[[ Raw data, beginning ]]

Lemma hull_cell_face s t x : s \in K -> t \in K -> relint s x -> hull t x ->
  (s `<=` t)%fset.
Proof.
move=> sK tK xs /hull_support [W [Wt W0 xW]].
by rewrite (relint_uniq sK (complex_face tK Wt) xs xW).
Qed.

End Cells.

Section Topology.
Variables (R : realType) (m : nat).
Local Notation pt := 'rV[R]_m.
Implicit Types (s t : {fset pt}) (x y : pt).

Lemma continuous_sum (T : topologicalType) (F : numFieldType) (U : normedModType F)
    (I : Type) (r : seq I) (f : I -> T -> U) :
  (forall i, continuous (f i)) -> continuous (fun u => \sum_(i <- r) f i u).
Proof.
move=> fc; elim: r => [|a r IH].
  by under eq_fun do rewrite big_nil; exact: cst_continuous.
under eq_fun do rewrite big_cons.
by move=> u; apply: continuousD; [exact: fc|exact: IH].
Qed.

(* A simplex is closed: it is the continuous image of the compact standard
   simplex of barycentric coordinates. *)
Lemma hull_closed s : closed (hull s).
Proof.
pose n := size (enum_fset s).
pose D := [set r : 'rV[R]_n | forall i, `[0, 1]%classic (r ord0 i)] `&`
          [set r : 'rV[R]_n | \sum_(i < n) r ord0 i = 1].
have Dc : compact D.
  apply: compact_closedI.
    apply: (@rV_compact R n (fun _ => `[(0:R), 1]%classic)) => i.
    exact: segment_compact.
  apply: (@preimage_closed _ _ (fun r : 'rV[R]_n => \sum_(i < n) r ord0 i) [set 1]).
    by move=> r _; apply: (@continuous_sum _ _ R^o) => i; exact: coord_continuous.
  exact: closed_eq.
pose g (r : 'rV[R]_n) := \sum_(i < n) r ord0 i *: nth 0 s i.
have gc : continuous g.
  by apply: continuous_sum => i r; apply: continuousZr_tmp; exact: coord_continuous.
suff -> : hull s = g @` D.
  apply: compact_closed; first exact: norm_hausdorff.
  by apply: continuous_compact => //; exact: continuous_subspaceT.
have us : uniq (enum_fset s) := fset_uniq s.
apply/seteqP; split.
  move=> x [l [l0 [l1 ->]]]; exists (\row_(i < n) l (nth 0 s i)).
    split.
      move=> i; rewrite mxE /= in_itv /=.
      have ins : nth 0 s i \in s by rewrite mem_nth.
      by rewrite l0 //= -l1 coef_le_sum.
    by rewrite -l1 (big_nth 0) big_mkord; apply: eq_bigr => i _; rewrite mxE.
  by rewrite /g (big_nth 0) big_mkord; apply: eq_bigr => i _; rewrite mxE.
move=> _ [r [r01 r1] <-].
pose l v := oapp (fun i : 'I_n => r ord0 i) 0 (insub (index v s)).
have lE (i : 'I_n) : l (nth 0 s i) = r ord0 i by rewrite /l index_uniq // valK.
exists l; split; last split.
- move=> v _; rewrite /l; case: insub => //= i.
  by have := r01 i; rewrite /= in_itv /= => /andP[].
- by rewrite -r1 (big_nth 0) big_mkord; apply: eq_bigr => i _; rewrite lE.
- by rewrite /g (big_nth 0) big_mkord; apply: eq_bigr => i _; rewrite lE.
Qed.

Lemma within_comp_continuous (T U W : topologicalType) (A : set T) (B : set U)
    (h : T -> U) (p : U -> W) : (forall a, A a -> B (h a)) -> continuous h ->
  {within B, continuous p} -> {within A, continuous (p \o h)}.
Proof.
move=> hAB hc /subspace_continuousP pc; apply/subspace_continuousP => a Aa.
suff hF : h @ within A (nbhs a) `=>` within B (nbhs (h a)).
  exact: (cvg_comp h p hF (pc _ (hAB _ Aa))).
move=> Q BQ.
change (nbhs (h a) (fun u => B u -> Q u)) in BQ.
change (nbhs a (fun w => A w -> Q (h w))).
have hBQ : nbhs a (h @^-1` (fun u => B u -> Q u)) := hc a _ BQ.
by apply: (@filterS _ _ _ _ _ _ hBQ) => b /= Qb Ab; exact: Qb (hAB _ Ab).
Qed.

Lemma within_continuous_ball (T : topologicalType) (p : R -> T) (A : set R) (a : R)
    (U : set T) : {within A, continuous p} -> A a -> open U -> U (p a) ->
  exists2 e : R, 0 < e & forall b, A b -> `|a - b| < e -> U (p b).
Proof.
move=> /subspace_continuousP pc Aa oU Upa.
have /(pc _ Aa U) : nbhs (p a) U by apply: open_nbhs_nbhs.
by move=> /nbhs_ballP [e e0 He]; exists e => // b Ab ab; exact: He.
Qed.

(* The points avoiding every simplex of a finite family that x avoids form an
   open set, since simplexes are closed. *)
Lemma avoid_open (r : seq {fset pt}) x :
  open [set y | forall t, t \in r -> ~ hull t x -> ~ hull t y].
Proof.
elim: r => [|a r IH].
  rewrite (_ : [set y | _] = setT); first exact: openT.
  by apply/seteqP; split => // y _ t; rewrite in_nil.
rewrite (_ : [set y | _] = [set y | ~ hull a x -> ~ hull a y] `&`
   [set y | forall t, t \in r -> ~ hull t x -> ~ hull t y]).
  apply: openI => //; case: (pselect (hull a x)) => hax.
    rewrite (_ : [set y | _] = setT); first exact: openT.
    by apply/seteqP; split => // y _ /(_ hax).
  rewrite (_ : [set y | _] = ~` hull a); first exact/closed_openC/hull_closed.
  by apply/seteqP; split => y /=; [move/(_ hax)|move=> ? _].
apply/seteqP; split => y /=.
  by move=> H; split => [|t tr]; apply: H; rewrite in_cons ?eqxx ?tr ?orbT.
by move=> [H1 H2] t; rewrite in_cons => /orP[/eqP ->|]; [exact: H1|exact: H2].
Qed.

[[ Raw data, end ]]

__Your objective__. What do the lines of the material read, from the first through the line with "under eq_fun do rewrite big_cons."? Transcribe them exactly and stop there.

__Final answer__.
Lemma hull_cell_face s t x : s \in K -> t \in K -> relint s x -> hull t x ->
  (s `<=` t)%fset.
Proof.
move=> sK tK xs /hull_support [W [Wt W0 xW]].
by rewrite (relint_uniq sK (complex_face tK Wt) xs xW).
Qed.

End Cells.

Section Topology.
Variables (R : realType) (m : nat).
Local Notation pt := 'rV[R]_m.
Implicit Types (s t : {fset pt}) (x y : pt).

Lemma continuous_sum (T : topologicalType) (F : numFieldType) (U : normedModType F)
    (I : Type) (r : seq I) (f : I -> T -> U) :
  (forall i, continuous (f i)) -> continuous (fun u => \sum_(i <- r) f i u).
Proof.
move=> fc; elim: r => [|a r IH].
  by under eq_fun do rewrite big_nil; exact: cst_continuous.
under eq_fun do rewrite big_cons.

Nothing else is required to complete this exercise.